Asked about the claim he was a senior figure in the IRA in Belfast, Mr Adams responded: “I have never hidden my associations with the IRA, I have never sought to distance myself from the IRA. I have denied IRA membership.”

He said he regarded the IRA as a “legitimate response” to what was happening in the 1970s in Northern Ireland, but opposed the secret burial of victims.

The IRA is believed to have disappeared 15 people, while the INLA disappeared one.

The remains of three – Robert Nairac, Joe Lynskey and Columba McVeigh – have not been found despite search efforts.

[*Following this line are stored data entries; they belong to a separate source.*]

Lemma sumR_ge0_eq0 n (F : 'I_n -> R) :
  (forall k, 0 <= F k) -> sumR F = 0 -> forall j, F j = 0.
Proof.
move=> F0 sum0 j; move: sum0; rewrite /sumR (bigD1 j) //=.
have : 0 <= \big[Rplus/R0]_(i < n | i != j) F i by apply: (big_ind (Rle 0)) => // *; lra.
move: (\big[Rplus/R0]_(i < n | i != j) F i) => rest; have := F0 j; lra.
Qed.

Lemma le_of_le_add_vanishing A B C :
  0 <= C -> (forall t, 0 < t <= 1 -> A <= B + t * C) -> A <= B.
Proof.
move=> C0 le_t; case: (Rle_lt_dec A B) => // BltA.
have eC : 0 < A - B + C by lra.
have t0 : 0 < (A - B) / (A - B + C) by apply: Rdiv_lt_0_compat; lra.
have tE : (A - B) / (A - B + C) * (A - B + C) = A - B by field; lra.
have t1 : (A - B) / (A - B + C) <= 1 by nra.
have := le_t _ (conj t0 t1); nra.
Qed.

Lemma dot_ge0 q (u : vec q) : 0 <= dot u u.
Proof. by apply: sumR_ge0 => k; nra. Qed.

Lemma vnorm_sq q (u : vec q) : vnorm u ^ 2 = dot u u.
Proof. exact/pow2_sqrt/dot_ge0. Qed.

Lemma dot_addl q (A B C : vec q) : dot (vadd A B) C = dot A C + dot B C.
Proof. by rewrite /dot -sumR_add; apply: sumR_ext => k; rewrite /vadd; ring. Qed.

Lemma dot_scaler q (A B : vec q) t : dot A (fun k => t * B k) = t * dot A B.
Proof. by rewrite /dot -sumR_scal; apply: sumR_ext => k; ring. Qed.

Lemma dot_oppl q (A B : vec q) : dot (fun k => - A k) B = - dot A B.
Proof.
have -> : - dot A B = -1 * dot A B by ring.
by rewrite /dot -sumR_scal; apply: sumR_ext => k; ring.
Qed.

Lemma dot0l q (C : vec q) : dot (@vzero q) C = 0.
Proof.
by rewrite /dot (@sumR_ext _ _ (fun k => 0 * C k)) ?sumR_scal ?Rmult_0_l.
Qed.

Lemma dot_sqr_addr q (A B : vec q) t :
  dot (fun k => A k + t * B k) (fun k => A k + t * B k)
  = dot A A + 2 * t * dot A B + t ^ 2 * dot B B.
Proof.
rewrite /dot -!sumR_scal -!sumR_add; apply: sumR_ext => k; ring.
Qed.

Lemma vnorm_scal q (u : vec q) t : 0 <= t -> vnorm (fun k => t * u k) = t * vnorm u.
Proof.
move=> t0; rewrite /vnorm.
have -> : dot (fun k => t * u k) (fun k => t * u k) = t * t * dot u u.
  by rewrite /dot -sumR_scal; apply: sumR_ext => k; ring.
rewrite sqrt_mult_alt; last by nra.
by rewrite sqrt_square.
Qed.

(* Comparing [f p + |p - theta|^2/2] with its value at [p + t (y - p)] and
   letting [t -> 0] is the variational characterisation of the proximal point. *)
Lemma prox_subgradient q (f : vec q -> ereal) theta p :
  proper_fun f -> convex_fun f -> is_prox f theta p ->
  exists fp, f p = EFin fp /\
    forall y fy, f y = EFin fy -> fp + dot (vsub theta p) (vsub y p) <= fy.
Proof.
move=> [x0 [r0 fx0]] f_cvx p_prox.
have [fp fpE] : exists fp, f p = EFin fp.
  by move: (p_prox x0); rewrite fx0; case: (f p) => [fp _|[]]; exists fp.
exists fp; split => // y fy fyE.
apply: (@le_of_le_add_vanishing _ _ (/2 * dot (vsub y p) (vsub y p))).
  by have := dot_ge0 (vsub y p); lra.
move=> t t01.
have := f_cvx y p fy fp t fyE fpE (conj (Rlt_le _ _ (proj1 t01)) (proj2 t01)).
case ftE: (f (comb t y p)) => [r|] //= r_le.
move: (p_prox (comb t y p)); rewrite fpE ftE !vnorm_sq /=.
have -> : vsub (comb t y p) theta = (fun k => vsub p theta k + t * vsub y p k).
  by apply: functional_extensionality => k; rewrite /vsub /comb /vadd /vscale; ring.
have -> : vsub theta p = (fun k => - vsub p theta k).
  by apply: functional_extensionality => k; rewrite /vsub; ring.
rewrite dot_sqr_addr dot_oppl.
move: (dot (vsub p theta) _) (dot (vsub p theta) (vsub y p)) (dot (vsub y p) _).
move=> D X Q prox_le.
have : t * (fp - X - fy - t * (/2 * Q)) <= 0 by nra.
nra.
Qed.

(* The first-order expansion at [x] along [y - x] with a step [t] short enough
   for the [eps]-accuracy, against the convexity chord through [x] and [y]. *)
Lemma strongly_convex_gradient_ineq q (f : vec q -> R) g c :
  has_gradient f g -> 0 <= c -> strongly_convex c f ->
  forall x y, f x + dot (g x) (vsub y x) <= f y.
Proof.
move=> f_grad c0 f_sc x y.
set u := vsub y x; set N := vnorm u.
have N0 : 0 <= N by apply: sqrt_pos.
apply: (@le_of_le_add_vanishing _ _ N) => // eps [eps0 _].
have [delta [delta0 delta_ok]] := f_grad x eps eps0.
set t := delta / (2 * (N + delta)).
have tE : t * (2 * (N + delta)) = delta by rewrite /t; field; lra.
have t0 : 0 < t by apply: Rdiv_lt_0_compat; lra.
have t1 : t <= 1 by nra.
have tN : t * N < delta by nra.
have stepE : vsub (comb t y x) x = (fun k => t * u k).
  by apply: functional_extensionality => k; rewrite /u /vsub /comb /vadd /vscale; ring.
have := delta_ok (comb t y x); rewrite stepE vnorm_scal ?dot_scaler; last lra.
move=> /(_ tN) abs_le.
have := Rle_abs (- (f (comb t y x) - f x - t * dot (g x) u)); rewrite Rabs_Ropp.
have := f_sc y x t (conj (Rlt_le _ _ t0) t1).
have : 0 <= c / 2 * t * (1 - t) * vnorm u ^ 2.
  apply: Rmult_le_pos; last exact/pow_le/sqrt_pos.
  by apply: Rmult_le_pos; [apply: Rmult_le_pos|]; lra.
rewrite -/u -/N in abs_le *.
move: (f (comb t y x)) (dot (g x) u) (vnorm u ^ 2) abs_le => F D W *.
have : t * (f y - f x - D + eps * N) >= 0 by nra.
nra.
Qed.

Definition fine (e : ereal) : R := match e with EFin r => r | EInf => 0 end.

Fixpoint rsum1 (g : nat -> R) (k : nat) : R :=
  match k with O => 0 | S k' => rsum1 g k' + g (S k') end.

Columba McVeigh, Joe Lynskey and Robert Nairac
Columba McVeigh, Joe Lynskey and Robert Nairac (PA)

Mr Adams told the court: “I think that the IRA were totally wrong to have shot and secretly buried these folks, and particularly that there should have been compassion shown to Mrs McConville, leaving aside the rights and wrongs or anything else, the fact was she was a widowed woman with 10 children and that should have begged compassion.”

She was abducted from her family home at St Jude’s Walk by masked men and women on an unknown date in November or December 1972. She was never seen alive again.

In 1999 the IRA admitted Mrs McConville’s murder but her remains were not discovered until a member of the public found them on a beach in Co Louth in 2003. No-one has ever been convicted of her murder.